Plants in general are odd things in that they adapt to their environment. One extreme example is the Eucalyptus tree which is an evergreen in Australia. Eucalyptus has been planted all over the world and when eventually it was planted in Russia, with its ice cold winters, the eucalyptus became deciduous.

Presumably, aquatic plants are also able to adapt to regular periods of light as well and continue to photosynthesize as long as all the chemicals needed for that reaction were present. The concept of a plant getting 'tired' and needing a 'sleep' after a hard day in the light is somewhat hard to prove. But I would not sneer at the concept. Something akin to it probably exists.

Providing enough light for plant growth, but not too much must be the aim. Hopefully viewing periods fit in with the biological schedule.

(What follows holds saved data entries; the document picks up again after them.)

Lemma meixner_no_three_zeros_below1 n b c K (x : nat -> R) :
  -2 < b < -1 -> 0 < c < 1 -> (3 <= n)%N -> 0 < K ->
  (forall y, \prod_(i < n) (x i - y) = K * meixnerF n b c y) ->
  (forall i, (i < n)%N -> 0 < x i) -> x 0%N < 1 -> x 1%N < 1 -> 1 <= x 2%N.
Proof.
move=> hb /andP[c_gt0 c_lt1] le3n K_gt0 prodE x_gt0 x0_lt1 x1_lt1.
rewrite leNgt; apply/negP => x2_lt1.
pose P y := \prod_(3 <= i < n) (x i - y).
(* q vanishes at m = 1, the only point where the weight binomial_term b c m is negative. *)
pose q y := (y - 1) * P y.
have q_span : poch_span b (n - 3).+1 q.
  have [al qE] := poch_span_mul 1 (-1) (poch_span_prod b [seq x i | i <- index_iota 3 n]).
  rewrite size_map size_iota in qE.
  by exists al => y; rewrite -qE /q /P big_map mul1r.
have deg_q : ((n - 3).+1 < n)%N by lia.
have moment_cvg := cvg_meixner_moment (fun k => poch_beta_neq0 k hb) c_gt0 c_lt1 q_span deg_q.
have Fq y : K * (meixnerF n b c y * q y) =
    (x 0%N - y) * (x 1%N - y) * (x 2%N - y) * (y - 1) * P y ^+ 2.
  rewrite mulrA -prodE /q /P -(big_mkord xpredT (fun i => x i - y)).
  rewrite (@big_cat_nat _ _ _ 3) // big_mkord !big_ord_recr big_ord0 /= mul1r.
  by ring.
pose t m := meixnerF n b c m%:R * q m%:R * binomial_term b c m.
have t0_lt0 : t 0%N < 0.
  rewrite /t binomial_term0 mulr1 -(pmulr_rlt0 _ K_gt0) Fq !subr0 sub0r mulrN1.
  have P0_gt0 : 0 < P 0 by rewrite /P big_nat prodr_gt0 // => i /andP[_ /x_gt0]; rewrite subr0.
  by rewrite pmulr_llt0 ?exprn_gt0 // oppr_lt0 !mulr_gt0 // x_gt0 //; lia.
have t_le0 m : t m <= 0.
  case: m => [|[|m]]; first exact: ltW.
    by rewrite /t /q subrr mul0r mulr0 mul0r.
  have w_gt0 : 0 < binomial_term b c m.+2.
    by rewrite /binomial_term divr_gt0 ?ltr0n ?fact_gt0 // mulr_gt0 ?exprn_gt0 ?poch_beta_gt0.
  rewrite /t pmulr_lle0 // -(pmulr_rle0 _ K_gt0) Fq.
  have m_ge2 : 2 <= m.+2%:R :> R by rewrite (ler_nat R 2).
  apply: mulr_le0_ge0 (sqr_ge0 _); apply: mulr_le0_ge0; last by lra.
  rewrite pmulr_rle0 ?nmulr_rgt0 //; lra.
have moment_le N : meixner_moment n b c q N <= t 0%N.
  by rewrite /meixner_moment big_ord_recl gerDl; apply: sumr_le0 => i _; exact: t_le0.
have eps_gt0 : 0 < - t 0%N by rewrite oppr_gt0.
have [N _ smallN] := cvgr0_norm_lt _ moment_cvg _ eps_gt0.
have := smallN N (leqnn N); have := moment_le N.
by have := ler_norm (- meixner_moment n b c q N); rewrite normrN; lra.
Qed.

Lemma meixner_zero2_gt2 n b c (x : nat -> R) :
  -2 < b < -1 -> 0 < c < 1 -> (3 <= n)%N -> b / (c - 1) < n%:R ->
  (forall i j, (i < j < n)%N -> x i < x j) ->
  (forall i, (i < n)%N -> meixner n b c (x i) = 0) -> 2 < x 2%N.
Proof.
move=> hb hc le3n n_gt x_incr x_root.
have x_gt0 i : (i < n)%N -> 0 < x i.
  by move=> lt_in; case: (meixner_zero_bounds hb hc le3n n_gt (x_root i lt_in)).
have [_ _ x2_12] := meixner_zero_bounds hb hc le3n n_gt (x_root 2%N le3n).
have [K K_gt0 prodE] := meixner_prod_sub hb hc (ltnW le3n) x_incr x_root.
apply: x2_12; have [x1_ge1 | x1_lt1] := leP 1 (x 1%N).
  exact: le_trans x1_ge1 (ltW (x_incr 1%N 2%N le3n)).
apply: (meixner_no_three_zeros_below1 hb hc le3n K_gt0 prodE x_gt0) => //.
exact: lt_trans (x_incr 0%N 1%N (ltnW le3n)) x1_lt1.
Qed.

Lemma meixner_zeros01 n b c (x : nat -> R) :
  -2 < b < -1 -> 0 < c < 1 -> (3 <= n)%N -> b / (c - 1) < n%:R ->
  (forall i j, (i < j < n)%N -> x i < x j) ->
  (forall i, (i < n)%N -> meixner n b c (x i) = 0) ->
  [/\ x 0%N < - b - 1, - b - 1 < x 1%N & x 1%N < 1].
Proof.
move=> hb hc le3n n_gt x_incr x_root; case/andP: (hb) => b_gt b_lt.
have sign := meixnerF_sign_sorted hb hc (ltnW le3n) x_incr x_root.
have [_ x0_neq _] := meixner_zero_bounds hb hc le3n n_gt (x_root 0%N (ltnW (ltnW le3n))).
have [_ x1_neq x1_12] := meixner_zero_bounds hb hc le3n n_gt (x_root 1%N (ltnW le3n)).
have x2_gt2 := meixner_zero2_gt2 hb hc le3n n_gt x_incr x_root.
have F_lt0 := meixnerF_lt0 hb hc n_gt.
have F1_gt0 : 0 < meixnerF n b c 1.
  by apply: meixnerF_gt0_12 => //; [exact: ltnW | rewrite lexx /=; lra].
have x0_lt : x 0%N < - b - 1.
  rewrite ltNge le_eqVlt eq_sym (negbTE x0_neq) /=; apply/negP => x0_gt.
  suff : 0 < (-1) ^+ 0 * meixnerF n b c (- b - 1) by rewrite expr0 mul1r; lra.
  by apply: sign.
have x1_lt1 : x 1%N < 1.
  rewrite ltNge; apply/negP => /x1_12 x1_gt2.
  suff : 0 < (-1) ^+ 1 * meixnerF n b c 1 by rewrite expr1 mulN1r oppr_gt0; lra.
  by apply: sign => [|_ /=|_]; [exact: leq_trans le3n | lra | lra].
split=> //; rewrite ltNge le_eqVlt (negbTE x1_neq) /=; apply/negP => x1_lt.
suff : 0 < (-1) ^+ 2 * meixnerF n b c (- b - 1) by rewrite expr2 mulrNN !mul1r; lra.
by apply: sign => [|_ /=|_]; [exact: ltnW | lra | lra].
Qed.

Rotala walichii and Rotala rotundifolia both exhibit nictinasty (close leaves during low or no light period) slightly after the lights come on (6:00am) and before the lights go off (5:45pm).

Experiment only would determine the optimum period for plant growth (or to facilitate less pruning or aims such as less algae) in a certain environment, with selected plants etc. What might be suitable for a Rotala sp. forest, might not work so well with a Ludwigia sp. flower bed.

Most aquatic gardener's lighting is expressly for viewing because they cannot afford dual lighting systems with high and low light on separate timers (not to mention that is a new idea here in America for many of uss).

A good topic. I can follow your line of thinking lately.

Andrew Cribb


----------



## Gomer (Feb 2, 2004)

> A good topic. I can follow your line of thinking lately.


Are you saying that I am normally an incoherant babbler? :mrgreen:

Any perspective from any of you plant scientists?

[/quote]


----------



## HeyPK (Jan 23, 2004)

The fact that some plants start to close up about an hour before the lights turn off should NOT be interpreted as evidence that they have stopped photosynthesizing or that they will only photosynthesize for a period that is one hour shorter than the photoperiod they are getting. 

Lets say we have some plants on a 12 hour photoperiod. They start closing up after 11 hours. If you reduce the photoperiod to 11 hours, you will find that they will start closing up after 10 hours. If you increase the photoperiod to 16 hours, you will find that they will start closing at 15 hours.


----------



## anonapersona (Mar 11, 2004)

HeyPK said:


> Lets say we have some plants on a 12 hour photoperiod. They start closing up after 11 hours. If you reduce the photoperiod to 11 hours, you will find that they will start closing up after 10 hours. If you increase the photoperiod to 16 hours, you will find that they will start closing at 15 hours.


Is this just a theory or are you saying you have done this and seen that this was the effect?


----------



## JLudwig (Feb 16, 2004)

Related topic....

Can you push some plants too hard? I have some dwarf Lobelia, Blyxa japonica, and H. polysperma var 'Tropical Sunset' that seem stunted, they also seem to do better growing in another plant's shade, I think I may be 'cooking' them. I need to work out some lighting changes but I do want to try an Amano style light period to see if it fixes this problem/

Jeff


----------



## HeyPK (Jan 23, 2004)

> Is this just a theory or are you saying you have done this and seen that this was the effect?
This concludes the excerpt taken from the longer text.